_Aim of the task_
Note the line where "by rewrite !mulrDl !mulrDr !mulrA addrACA." appears in the data below; write it out exactly, along with every line that comes after it to the end.
·····
(* Let $f \colon \mathcal{J} \to \mathbb{P}^1$ be a pointed map of degree $n\neq 0$. Then there is a pointed naive homotopy between $f$ and a map of the form $M_f \oplus (1,0:0,1)_n$ for some pointed matrix $M_f \in \mathrm{SL}_2(R)$.
   Context: Let $k$ be a field, $R = k[x,y,z,w]/(x+w-1,\,xw-yz)$, $\mathcal{J}=\operatorname{Spec}(R)$ pointed at $\mathbf{j}=(x-1,y,z,w)$, $\mathbb{P}^1$ pointed at $[1:0]$. A morphism $\mathcal{J}\to\mathbb{P}^1$ is an invertible sheaf with two generating sections; its degree is its class in $\operatorname{Pic}(\mathcal{J})\cong\mathbb{Z}$, where $n>0$ corresponds to $\mathcal{P}_n=\langle(x^n,z^n)^T,(y^n,w^n)^T\rangle\subseteq R^2$ and $-n$ to $\mathcal{Q}_n=\langle(x^n,y^n)^T,(z^n,w^n)^T\rangle$. For $n>0$, $(a_0,a_1:b_0,b_1)_n$ is the map with sheaf $\mathcal{P}_n$ and sections $a_0(x^n,z^n)^T+a_1(y^n,w^n)^T$, $b_0(x^n,z^n)^T+b_1(y^n,w^n)^T$; $(a_0,a_1:b_0,b_1)_{-n}$ is analogous with $\mathcal{Q}_n$. A matrix $M\in\mathrm{SL}_2(R)$ is pointed if $M(\mathbf{j})$ is the identity, and $M\oplus[s_0,s_1]$ is the map with the same sheaf and sections $M\cdot(s_0,s_1)^T$. *)

From HB Require Import structures.
From mathcomp Require Import all_boot all_order all_algebra.
From mathcomp Require Import ring_quotient generic_quotient.
From mathcomp Require Import mpoly.
From Stdlib Require Import ClassicalEpsilon.

Set Implicit Arguments.
Unset Strict Implicit.
Unset Printing Implicit Defensive.

Import GRing.Theory.
Local Open Scope ring_scope.
Local Open Scope quotient_scope.

Section Jouanolou.
Variable k : fieldType.

(* The polynomial ring k[x,y,z,w]; variables indexed x=0, y=1, z=2, w=3. *)
Definition Pxyzw := {mpoly k[4]}.
Definition pvar (i : nat) : Pxyzw := 'X_(inord i).

Definition Jgen1 : Pxyzw := pvar 0 + pvar 3 - 1.
Definition Jgen2 : Pxyzw := pvar 0 * pvar 3 - pvar 1 * pvar 2.

Definition inJ (p : Pxyzw) : bool :=
  if excluded_middle_informative
       (exists c1 c2 : Pxyzw, p = c1 * Jgen1 + c2 * Jgen2)
  then true else false.

Definition jpt : 'I_4 -> k := fun i => if val i == 0%N then 1 else 0.

Lemma inJP p : reflect (exists c1 c2 : Pxyzw, p = c1 * Jgen1 + c2 * Jgen2) (inJ p).
Proof.
rewrite /inJ; case: excluded_middle_informative => h; by constructor.
Qed.

Lemma inJ_idealr_closed : idealr_closed inJ.
Proof.
split.
- by apply/inJP; exists 0, 0; rewrite !mul0r addr0.
- apply/negP => /inJP [c1 [c2 h]].
  have := congr1 (meval jpt) h.
  rewrite meval1 mevalD !mevalM /Jgen1 /Jgen2 mevalB mevalD meval1 mevalB !mevalM.
  rewrite /pvar !mevalXU /jpt /=.
  rewrite (@inordK 3 0) // (@inordK 3 1) // (@inordK 3 2) // (@inordK 3 3) //=.
  rewrite !(mulr0, mul0r, addr0, subrr, subr0, add0r, mul1r, oppr0) => /eqP.
  by rewrite oner_eq0.
- move=> a u v /inJP [c1 [c2 ->]] /inJP [d1 [d2 ->]].
  apply/inJP; exists (a * c1 + d1), (a * c2 + d2).
  by rewrite !mulrDl !mulrDr !mulrA addrACA.
Qed.

HB.instance Definition _ := isIdealr.Build Pxyzw inJ inJ_idealr_closed.

(* R = k[x,y,z,w]/(x + w - 1, xw - yz), the coordinate ring of J. *)
Definition Rj := {ideal_quot (inJ : idealr Pxyzw)}.

Definition rx : Rj := \pi_Rj (pvar 0).
Definition ry : Rj := \pi_Rj (pvar 1).
Definition rz : Rj := \pi_Rj (pvar 2).
Definition rw : Rj := \pi_Rj (pvar 3).

(* Evaluation at the k-point j = (x-1, y, z, w) of J, i.e. the residue map
   R -> R/j = k (well defined since the relations vanish at (1,0,0,0)). *)
Definition evj (r : Rj) : k := meval jpt (repr r).

End Jouanolou.

(* Maps to P^1 of nonzero degree, over a coordinate ring A (A = R or R[t]). *)
(* The invertible module of degree d is the submodule of A^2 generated by  *)
(* the two column vectors gen0 d, gen1 d:                                   *)
(*   d = n > 0 : P_n = < (x^n, z^n)^T , (y^n, w^n)^T >                      *)
(*   d = -n < 0: Q_n = < (x^n, y^n)^T , (z^n, w^n)^T >                      *)
Section Maps.
Variable A : comNzRingType.
Variables (x y z w : A).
·····
_Task output_
  by rewrite !mulrDl !mulrDr !mulrA addrACA.
Qed.

HB.instance Definition _ := isIdealr.Build Pxyzw inJ inJ_idealr_closed.

(* R = k[x,y,z,w]/(x + w - 1, xw - yz), the coordinate ring of J. *)
Definition Rj := {ideal_quot (inJ : idealr Pxyzw)}.

Definition rx : Rj := \pi_Rj (pvar 0).
Definition ry : Rj := \pi_Rj (pvar 1).
Definition rz : Rj := \pi_Rj (pvar 2).
Definition rw : Rj := \pi_Rj (pvar 3).

(* Evaluation at the k-point j = (x-1, y, z, w) of J, i.e. the residue map
   R -> R/j = k (well defined since the relations vanish at (1,0,0,0)). *)
Definition evj (r : Rj) : k := meval jpt (repr r).

End Jouanolou.

(* Maps to P^1 of nonzero degree, over a coordinate ring A (A = R or R[t]). *)
(* The invertible module of degree d is the submodule of A^2 generated by  *)
(* the two column vectors gen0 d, gen1 d:                                   *)
(*   d = n > 0 : P_n = < (x^n, z^n)^T , (y^n, w^n)^T >                      *)
(*   d = -n < 0: Q_n = < (x^n, y^n)^T , (z^n, w^n)^T >                      *)
Section Maps.
Variable A : comNzRingType.
Variables (x y z w : A).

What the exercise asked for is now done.